Two-way hierarchical cluster analysis
Two-way hierarchical cluster analysis was performed to assess the relationship between the olive oil FAD2 sequences and the studied C18:1, C18:2, and C18:3 fatty acid compositions to identify which of these parameters are the most important (Fig. 4a). The first dimension allowed classifying olive oil varieties according to the various studied fatty acid parameters. Three clusters were defined, where the first presented olive oil varieties with high C18:1 and low C18:2 levels, which are the Fougi, Jemri D, Zarrazi, Oueslati, Fakhari, Chemcheli, Chemlali Tataouine, and Sahli mgargeb. The second cluster contains olive oil varieties with medium C18:1 and C18:2 such as, Chetoui, Toffehi, JemriB, Tounsi, and Elhorr.
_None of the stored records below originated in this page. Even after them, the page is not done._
Lemma card_nbhdS_le k (A : {set T}) :
  {in A, forall x, deg e x <= k} -> #|nbhdS A| <= k * #|A|.
Proof.
move=> degA; apply: (@leq_trans (\sum_(x in A) deg e x)); last first.
  by rewrite mulnC -sum_nat_const leq_sum.
rewrite /nbhdS; elim/big_rec2: _ => [|x m B _ IH]; first by rewrite cards0.
by apply: leq_trans (leq_card_setU _ _) _; rewrite leq_add2l.
Qed.

Lemma connect_exit (R : {set T}) x u : x \in R -> u \notin R -> connect e x u ->
  exists r w, [/\ r \in R, w \notin R & e r w].
Proof.
move=> xR uR /connectP[p]; elim: p x xR => [|z p IH] x xR /=.
  by move=> _ eq_ux; rewrite eq_ux xR in uR.
case/andP=> exz pz eq_u; have [zR | zR] := boolP (z \in R); first exact: IH pz eq_u.
by exists x, z.
Qed.

Lemma connected_ball2_setT (S : {set T}) x :
  connected_graph e -> x \in S ->
  (forall s q r w, s \in S -> q \notin S -> r \notin S -> w \notin S ->
     uniq [:: q; r; w] -> e s q -> e q r -> e r w -> False) ->
  S :|: nbhdS S :|: nbhdS (nbhdS S) = [set: T].
Proof.
move=> conn xS no_exit; apply/setP => u; rewrite in_setT; apply: contraT => uN; exfalso.
have xB : x \in S :|: nbhdS S :|: nbhdS (nbhdS S) by rewrite !inE xS.
have [r [w [rB wN erw]]] := connect_exit xB uN (conn x u).
have nbhdSP (A : {set T}) v a : a \in A -> e a v -> v \in nbhdS A.
  by move=> aA eav; apply/bigcupP; exists a; rewrite ?inE.
move: wN; rewrite !inE !negb_or => /andP[/andP[wS wN1] wN2].
have [rS | rS] := boolP (r \in S); first by rewrite (nbhdSP _ _ _ rS erw) in wN1.
have [rN1 | rN1] := boolP (r \in nbhdS S); first by rewrite (nbhdSP _ _ _ rN1 erw) in wN2.
move: rB; rewrite !inE (negbTE rS) (negbTE rN1) /= => /bigcupP[q qN1]; rewrite inE => eqr.
have [qS | qS] := boolP (q \in S); first by rewrite (nbhdSP _ _ _ qS eqr) in rN1.
case/bigcupP: (qN1) => s sS; rewrite inE => esq.
apply: (no_exit s q r w) => //; rewrite /= !inE !negb_or (adj_neq eqr) (adj_neq erw) /=.
by rewrite andbT; apply: contraNneq wN1 => <-.
Qed.

Hypothesis noS44 : ~ contains_S44 e.

Lemma card_nbhd_off_path_le2 c p1 p2 p3 p4 : uniq [:: c; p1; p2; p3; p4] ->
  e c p1 -> e p1 p2 -> e p2 p3 -> e p3 p4 ->
  #|nbhd e c :\: [set:: [:: p1; p2; p3; p4]]| <= 2.
Proof.
move=> U e1 e2 e3 e4; rewrite leqNgt; apply/card_gt2P => -[a [b [d [[aN bN dN] abd]]]].
move: aN bN dN; rewrite !inE => /andP[aP eca] /andP[bP ecb] /andP[dP ecd].
apply: noS44; apply: (sparkler_contains_S44 _ eca ecb ecd e1 e2 e3 e4).
have := adj_neq eca; have := adj_neq ecb; have := adj_neq ecd; case: abd.
by move: aP bP dP U; rewrite /= !inE !negb_or => *; solve_uniq.
Qed.

Lemma deg_le6_of_path c p1 p2 p3 p4 : uniq [:: c; p1; p2; p3; p4] ->
  e c p1 -> e p1 p2 -> e p2 p3 -> e p3 p4 -> deg e c <= 6.
Proof.
move=> U e1 e2 e3 e4; rewrite /deg -(cardsID [set:: [:: p1; p2; p3; p4]]).
rewrite -[6]/(4 + 2) leq_add ?(card_nbhd_off_path_le2 U e1 e2 e3 e4) //.
exact: leq_trans (subset_leq_card (subsetIr _ _)) (card_set_seq_le _).
Qed.

Lemma deg_gt3_path_chord c p1 p2 p3 p4 : 3 < deg e c -> uniq [:: c; p1; p2; p3; p4] ->
  e c p1 -> e p1 p2 -> e p2 p3 -> e p3 p4 -> [|| e c p2, e c p3 | e c p4].
Proof.
move=> degc U e1 e2 e3 e4; apply: contraLR (card_nbhd_off_path_le2 U e1 e2 e3 e4).
rewrite !negb_or -ltnNge => /and3P[n2 n3 n4].
have sub : nbhd e c :\ p1 \subset nbhd e c :\: [set:: [:: p1; p2; p3; p4]].
  apply/subsetP => x; rewrite !inE => /andP[xp1 ecx].
  rewrite ecx andbT (negbTE xp1) /=.
  by apply/norP; split; [|apply/norP; split]; apply: contraTneq ecx => ->.
apply: leq_trans (subset_leq_card sub); move: degc.
by rewrite /deg (cardsD1 p1) inE e1.
Qed.

Lemma exists_nbr_avoiding c a b d : 3 < deg e c ->
  exists x, [/\ e c x, x != a, x != b & x != d].
Proof.
move=> degc; have : 0 < #|nbhd e c :\: [set:: [:: a; b; d]]|.
  have : #|nbhd e c :&: [set:: [:: a; b; d]]| <= 3.
    exact: leq_trans (subset_leq_card (subsetIr _ _)) (card_set_seq_le _).
  by move: degc; rewrite /deg -(cardsID [set:: [:: a; b; d]]); lia.
case/card_gt0P => x; rewrite !inE !negb_or => /andP[/and3P[xa xb xd] ecx].
by exists x.
Qed.

Section PathFromHighDegreeVertex.
Variables y0 y1 y2 y3 y4 : T.
Hypotheses (deg_y0 : 3 < deg e y0) (Uy : uniq [:: y0; y1; y2; y3; y4]).
Hypotheses (e01 : e y0 y1) (e12 : e y1 y2) (e23 : e y2 y3) (e34 : e y3 y4).

Definition core : {set T} := [set:: [:: y0; y1; y2; y3; y4]] :|: nbhd e y0.

Lemma card_core_le11 : #|core| <= 11.
Proof.
apply: leq_trans (leq_card_setU _ _) _.
exact: (leq_add (card_set_seq_le _) (deg_le6_of_path Uy e01 e12 e23 e34)).
Qed.

Lemma core_path3 s : s \in core -> exists p q r,
  [/\ p \in core, q \in core, r \in core, uniq [:: s; p; q; r]
    & [/\ e s p, e p q & e q r]].
Proof.
have := Uy; rewrite /= !inE !negb_or => ?; split_conj.
have [a [e0a ay1 ay2 _]] := exists_nbr_avoiding y1 y2 y2 deg_y0.
have a0 := adj_neq e0a.
have [sP _ | sP /= e0s] := boolP [|| s == y0, s == y1, s == y2, s == y3 | s == y4].
  case/orP: sP => [/eqP->|/orP[/eqP->|/orP[/eqP->|/orP[/eqP->|/eqP->]]]].
  - by exists y1, y2, y3; rewrite !inE !eqxx ?orbT; split; try split; solve_path.
  - by exists y2, y3, y4; rewrite !inE !eqxx ?orbT; split; try split; solve_path.
  - by exists y1, y0, a; rewrite !inE !eqxx e0a ?orbT; split; try split; solve_path.
  - by exists y2, y1, y0; rewrite !inE !eqxx ?orbT; split; try split; solve_path.
  - by exists y3, y2, y1; rewrite !inE !eqxx ?orbT; split; try split; solve_path.
exists y0, y1, y2; rewrite !inE !eqxx ?orbT; split; try split; try solve_path.
by move: sP; rewrite !negb_or => ?; solve_uniq.
Qed.
(* Let $0<p<1$ and let $k\ge 1$ be an integer. A coin showing heads (H) with probability $p$ and tails (T) with probability $1-p$ is flipped independently until $k$ consecutive heads $\mathrm{H}^k$ first appear; let $Y$ be the number of flips. Then $E(Y^0)=1$ and for every $n\ge 1$, \[ E(Y^n) = k^n + \sum_{j=0}^{n-1} \binom{n}{j} E(Y^j) \sum_{i=1}^k \frac{(1-p)\,i^{n-j}}{p^{k-i+1}} = k^n + \sum_{j=0}^{n-1} \binom{n}{j} E(Y^j) \sum_{i=0}^n \frac{e_{n-j,i}\, p^i - e_{n-j,i}^k\, p^{k+i+1}}{(1-p)^{n-j}p^{k+1}}. \]
   Context: The Eulerian numbers $e_{n,i}$ are defined by $e_{0,0}=1$, $e_{n,i}=0$ whenever $i\le 0$ (unless $n=i=0$) or $i>n$, and $e_{n,i}=i\,e_{n-1,i}+(n-i+1)\,e_{n-1,i-1}$ otherwise. For the integer parameter $k$, $e^k_{0,0}=1$, $e^k_{n,i}=0$ whenever $i<0$ or $i>n$, and $e^k_{n,i}=(k+i+1)\,e^k_{n-1,i}+(n-k-i)\,e^k_{n-1,i-1}$ otherwise. *)

From HB Require Import structures.
From mathcomp Require Import all_boot all_order all_algebra.
From mathcomp Require Import all_classical all_reals all_analysis.
Set Implicit Arguments. Unset Strict Implicit. Unset Printing Implicit Defensive.
Import Order.TTheory GRing.Theory Num.Theory.
Import numFieldNormedType.Exports.
Local Open Scope ring_scope.

Fixpoint eul (n i : nat) : nat :=
  match n with
  | 0 => (i == 0)%N
  | n'.+1 => if (i == 0)%N || (n'.+1 < i)%N then 0%N
             else (i * eul n' i + (n'.+1 - i + 1) * eul n' i.-1)%N
  end.

Fixpoint eulk (k : int) (n i : nat) : int :=
  match n with
  | 0 => ((i == 0)%N)%:Z
  | n'.+1 => if (n'.+1 < i)%N then 0
             else (k + i%:Z + 1) * eulk k n' i
                  + (n'.+1%:Z - k - i%:Z) * (if i is i'.+1 then eulk k n' i' else 0)
  end.

(* The boolean sequence s (true = heads) contains k consecutive heads. *)
Definition has_run (k : nat) (s : seq bool) : bool :=
  [exists i : 'I_(size s).+1, (i + k <= size s)%N && all id (take k (drop i s))].

Definition first_run_at_end (k : nat) (s : seq bool) : bool :=
  has_run k s && ~~ has_run k (take (size s).-1 s).

Definition word_prob {R : realType} (p : R) (s : seq bool) : R :=
  \prod_(b <- s) (if b then p else 1 - p).

Definition PY {R : realType} (p : R) (k m : nat) : R :=
  \sum_(w : m.-tuple bool | first_run_at_end k w) word_prob p w.

Definition EY {R : realType} (p : R) (k n : nat) : R :=
  limn (series (fun m : nat => (m%:R : R) ^+ n * PY p k m)).

(* Conditioning on the first tail: either the first k flips are heads (Y = k,
   probability p^k), or the first tail comes at flip i <= k (probability
   p^(i-1) (1 - p)) and the experiment starts afresh, so
     P(Y = m) = [m = k] p^k + sum_(i=1..k) p^(i-1) (1 - p) P(Y = m - i).
   Multiplying by m^n, summing over m < N and expanding (m + i)^n binomially
   expresses the partial sums of E(Y^n) through those of E(Y^j), j <= n; the
   j = n term carries the factor 1 - p^k < 1, so by induction on n the
   nondecreasing partial sums are bounded, converge, and their limits satisfy
   the first recursion.  The Eulerian form follows from the polynomial identity
     (1 - X)^(m+1) sum_(i<=k) i^m X^i = A_m(X) - X^(k+1) B_m(X),
   A_m, B_m having coefficients e_(m,i), e^k_(m,i): both sides satisfy
   q_(m+1) = X ((1 - X) q_m' + (m + 1) q_m). *)

From HB Require Import structures.
From mathcomp Require Import all_boot all_order all_algebra.
From mathcomp Require Import all_classical all_reals all_analysis.
From mathcomp Require Import ring lra zify.
Import Order.TTheory GRing.Theory Num.Theory.
Import numFieldNormedType.Exports.
Local Open Scope classical_set_scope.
Local Open Scope ring_scope.

(** * Eulerian polynomials *)

Lemma eul_eq0 {m t} : (m < t)%N -> eul m t = 0%N.
Proof. by case: m => [|m] /=; [case: t | move=> ->; rewrite orbT]. Qed.

Lemma eulk_eq0 {k m t} : (m < t)%N -> eulk k m t = 0.
Proof. by case: m => [|m] /=; [case: t | move=> ->]. Qed.

Section EulerianPolynomials.
Variables (R : comNzRingType) (k : nat).

Definition eulerian_poly m : {poly R} := \poly_(i < m.+1) (eul m i)%:R.
Definition eulerk_poly m : {poly R} := \poly_(i < m.+1) (eulk k%:Z m i)%:~R.
Definition power_sum_poly m : {poly R} := \poly_(i < k.+1) (i%:R ^+ m).
Definition eulerian_step m (q : {poly R}) := 'X * ((1 - 'X) * q^`() + q *+ m.+1).

Lemma coef_eulerian_poly m t : (eulerian_poly m)`_t = (eul m t)%:R.
Proof. by rewrite coef_poly; case: ltnP => // /eul_eq0 ->. Qed.

Lemma coef_eulerk_poly m t : (eulerk_poly m)`_t = (eulk k%:Z m t)%:~R.
Proof. by rewrite coef_poly; case: ltnP => // /eulk_eq0 ->. Qed.

Lemma coefXM_deriv (q : {poly R}) t : ('X * q^`())`_t = q`_t *+ t.
Proof. by rewrite coefXM coef_deriv; case: t => [|t]; rewrite ?mulr0n. Qed.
The third cluster represents olive oil varieties with lower C18:1 and high C18:2 levels like Besbessi, Arbequina, Zalmati, Meski, Chemlali Sfax, and Jarboui. This classification of the studied olive oil varieties into three clusters was confirmed by the phylogenetic tree generated by the Neighbor-Joining (NJ) method (Fig. 4b). Based on this cluster analysis, we selected four olive oil varieties: Oueslati and Chemcheli, representing the first cluster, and Chetoui and Chemlali Sfax as a representative of clusters 2 and 3, respectively.
Fig. 4
(a) Two-way hierarchical clustering of olive oil varieties and the various traits (oleic acid content, linoleic acid content, linolenic acid content, and the identified SNPs. Colors show the proportion of the bands present at every designated band location. Color indicates relative concentration: white, increased; red, decreased; from red to white: gradually increasing Concentration. (b) phylogenetic tree based on Neighbor Joining (NJ) method. (For interpretation of the references to color in this figure legend, the reader is referred to the web version of this article.)
(a) Two-way hierarchical clustering of olive oil varieties and the various traits (oleic acid content, linoleic acid content, linolenic acid content, and the identified SNPs. Colors show the proportion of the bands present at every designated band location. Color indicates relative concentration: white, increased; red, decreased; from red to white: gradually increasing Concentration. (b) phylogenetic tree based on Neighbor Joining (NJ) method. (For interpretation of the references to color in this figure legend, the reader is referred to the web version of this article.)
Structure prediction and analysis of desaturase in four olive varieties
Sequence alignment
The 3D structure prediction and modeling of the FAD2 proteins of these four olive oil varieties was performed. Alignment was performed to check differences among the four chosen sequences and to identify and localize conserved regions with functional implications. The results of alignment show six positions of changed amino acids (aa) as follows: Q26H, S82C, H213N, E286G, H309R and G341W (Fig. 5). In previous alignment studies of plants, FAD2 showed several conserved motifs in FAD2 sequences [60]. Among others, three conserved histidine motifs are demonstrated to be directly involved in the enzyme activity. In our case, and as shown in Fig. 5, the three histidine boxes are conserved, and none of the changed residues in the four olive sequences was located in these boxes. However, the authors described two strongly conserved sequences among Δ-12 oleate desaturases, EWDWLRGALAT (position 286) and LFSTMPHYHAMEAT (position 320) located before and after the third histidine box, respectively. Interestingly, the substitution E286G was found in the first conserved motif and is suspected of having an important role in enzyme activity or interaction.
Fig. 5
Multiple sequence alignment of FAD2 sequences showing the catalytic histidine boxes (yellow), the differences between the four sequences (purple), and the highly conserved region underlined in blue. (For interpretation of the references to color in this figure legend, the reader is referred to the web version of this article.)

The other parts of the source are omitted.